[dm-devel] [v2] block: Fix a WRITE SAME BUG_ON

zhangxiaoxu (A) zhangxiaoxu5 at huawei.com
Mon Jan 28 05:48:15 UTC 2019


Hi, Thanks for your reply.

BUG_ON is because the 'bio_iovec(bio).bv_len' not same with 'sdp->sector_size'.

Just as below reproducer, If the 'golden' is stacked by disks 'sda'(logical_block_size=512)
and 'sdb'(logical_block_size=4096), call 'blkdev_issue_write_same' on it will BUG_ON because
of the
	bio->bi_io_vec->bv_len = bdev_logical_block_size('golden'), and the
	bdev_logical_block_size('golden') = max_logical_block_size(sda, sdb).
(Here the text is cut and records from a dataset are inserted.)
Lemma lift_aut_continuous phi (X : (int -> letter) -> Prop) :
  continuous_on (@full_shift bool) phi -> continuous_on X (lift_aut phi).
Proof.
move=> phi_cont x _ n.
pose P p m := forall t z, agree_on m (belt x (p, t)) z -> phi (belt x (p, t)) 0 = phi z 0.
have [M PM] : exists M, forall p, - (n + 7)%:Z <= p <= - (n + 7)%:Z + (2 * n + 7)%N%:Z -> P p M.
  apply: uniform_modulus => [p m m' Pm le_mm' t z agree|p].
    by apply: Pm => i ?; apply: agree; lia.
  have [m1 P1] := phi_cont (belt x (p, true)) I 0%N.
  have [m2 P2] := phi_cont (belt x (p, false)) I 0%N.
  exists (maxn m1 m2) => -[] z agree; [apply: (P1 z I) | apply: (P2 z I)] => //;
    by move=> i ?; apply: agree; lia.
exists (12 * M + 32 + n)%N => y _ xy i le_in.
have xy_near k : `|k - i| <= (12 * M + 32)%:Z -> x k = y k by move=> ?; apply: xy; lia.
have Emarker (q : nat) : (q <= 7)%N -> marker x (i - q%:Z) = marker y (i - q%:Z).
  by move=> ?; apply: marker_local => k ?; apply: xy_near; lia.
have Ebelt (q : nat) t : (4 <= q <= 7)%N ->
    phi (belt x (i - q%:Z, t)) 0 = phi (belt y (i - q%:Z, t)) 0.
  move=> /andP [q4 q7]; apply: (PM (i - q%:Z)); first by lia.
  by apply: belt_local => k near; apply: xy_near; rewrite /= in near; lia.
by rewrite /lift_aut /write_slots !Emarker // !Ebelt // xy_near //; lia.
Qed.

Lemma legal_swap_subword (x y : int -> letter) lo (N : nat) :
  legal theta_pd (subword x lo N) ->
  (forall i : int, lo <= i < lo + N%:Z -> y i != x i -> exists k q : int,
     [/\ (i == k) || (i == k + 1), lo <= k /\ lo <= q, k + 1 < lo + N%:Z, q + 1 < lo + N%:Z
       & [/\ y k = x (k + 1), y (k + 1) = x k, x q = b, x (q + 1) = b & odd `|q - k|]]) ->
  legal theta_pd (subword y lo N).
Proof.
move=> legal_x swaps; apply: (legal_swap legal_x); first by rewrite !size_subword.
move=> j; rewrite size_subword => lt_jN; rewrite !nth_subword // => neq.
have [|k [q [i_k [lo_k lo_q] k_in q_in [yk yk1 xq xq1 odd_kq]]]] := swaps _ _ neq; first lia.
have [k' ek] : exists k' : nat, k = lo + k'%:Z by exists `|k - lo|%N; lia.
have [q' eq] : exists q' : nat, q = lo + q'%:Z by exists `|q - lo|%N; lia.
have succE (m : nat) : lo + m%:Z + 1 = lo + m.+1%:Z by lia.
subst k q; rewrite !succE in yk yk1 xq1 k_in q_in.
exists k', q'; split; first by rewrite !inE; lia.
- by rewrite /swapped_at size_subword !nth_subword ?yk ?yk1 ?eqxx //; lia.
- by rewrite /bb_at size_subword !nth_subword ?xq ?xq1 ?eqxx //; lia.
- lia.
Qed.

Lemma marker_bb x p : marker x p ->
  exists2 q : nat, q \in [:: 3; 5; 7]%N & x (p + q%:Z) = b /\ x (p + q.+1%:Z) = b.
Proof.
move=> /and5P [_ _ _ /eqP x3 /and5P [n45 n67 /eqP x8 _ _]].
case x4 : (x (p + 4%Z)); last by exists 3%N.
have x5 : x (p + 5%Z) = b by move: n45; rewrite x4; case: (x _).
case x6 : (x (p + 6%Z)); last by exists 5%N.
have x7 : x (p + 7%Z) = b by move: n67; rewrite x6; case: (x _).
by exists 7%N.
Qed.

Lemma write_slots_domino F M x p (d : nat) : marker x p -> d \in [:: 4; 6]%N ->
  let y := write_slots F M x in
  y (p + d%:Z) = x (p + d%:Z) /\ y (p + d.+1%:Z) = x (p + d.+1%:Z) \/
  y (p + d%:Z) = x (p + d.+1%:Z) /\ y (p + d.+1%:Z) = x (p + d%:Z).
Proof.
move=> mp; have := marker_write_slots_of F M mp; move: mp.
move=> /and5P [_ _ _ _ /and5P [n45 n67 _ _ _]] /and5P [_ _ _ _ /and5P [m45 m67 _ _ _]].
rewrite !inE => /orP [] /eqP -> /=; [move: n45 m45 | move: n67 m67];
  by case: (x _); case: (x _); case: (write_slots _ _ _ _); case: (write_slots _ _ _ _); auto.
Qed.

Lemma legal_write_slots (F : int * bool -> bool) (M : pred int) x lo (N : nat) :
  legal theta_pd (subword x lo N) ->
  (forall p, marker x p -> M p -> lo <= p /\ p + 12 <= lo + N%:Z) ->
  legal theta_pd (subword (write_slots F M x) lo N).
Proof.
move=> legal_x inside; apply: legal_swap_subword legal_x _ => i range neq.
have [p [mp Mp /andP [p4 p7]]] := write_slots_neq neq.
have [lo_p hi_p] := inside p mp Mp.
have [q q_in [xq xq1]] := marker_bb mp.
have [d d_in i_d] : exists2 d : nat, d \in [:: 4; 6]%N & (i == p + d%:Z) || (i == p + d.+1%:Z).
  by exists (if i <= p + 5 then 4%N else 6%N); case: ifP => ? //; lia.
have [[yd yd1]|[yd yd1]] := write_slots_domino F M mp d_in.
  by move: neq; case/orP: i_d => /eqP ->; rewrite ?yd ?yd1 eqxx.
have succE (m : nat) : p + m%:Z + 1 = p + m.+1%:Z by lia.
have q_le : (q <= 7)%N by move: q_in; rewrite !inE; lia.
have d_le : (d <= 6)%N by move: d_in; rewrite !inE; lia.
exists (p + d%:Z), (p + q%:Z); rewrite !succE; split; try lia.
by split=> //; move: d_in q_in; rewrite !inE; lia.
Qed.

Lemma legal_lift_aut phi x : RS_subshift theta_pd x -> RS_subshift theta_pd (lift_aut phi x).
Proof.
move=> legal_x i n.
pose M p := (i - 8 <= p) && (p <= i + n%:Z).
pose F s := phi (belt x s) 0.
have -> : subword (lift_aut phi x) i n = subword (write_slots F M x) i n.
  apply: (@eq_from_nth _ a) => [|j]; rewrite ?size_subword // => lt_jn.
  have Mq (q : nat) : (4 <= q <= 7)%N -> M (i + j%:Z - q%:Z) by rewrite /M; lia.
  by rewrite !nth_subword // /lift_aut /write_slots !Mq.
have -> : i = i - 12 + 12%:Z by rewrite subrK.
apply: legal_infix (infix_subword _ _ (_ : 12 + n <= n + 24)%N) _; first by lia.
by apply: legal_write_slots (legal_x _ _) _ => p mp /andP [lo hi]; lia.
Qed.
There are 2 solutions about the problem:
1. Disable the WRITE SAME for that situation: Just like this patch.
2. Improve the WRITE SAME to adapt that situation:
	Reorganization the 'WRITE SAME' bio for the disks which logical_block_size is smaller than the logical volume.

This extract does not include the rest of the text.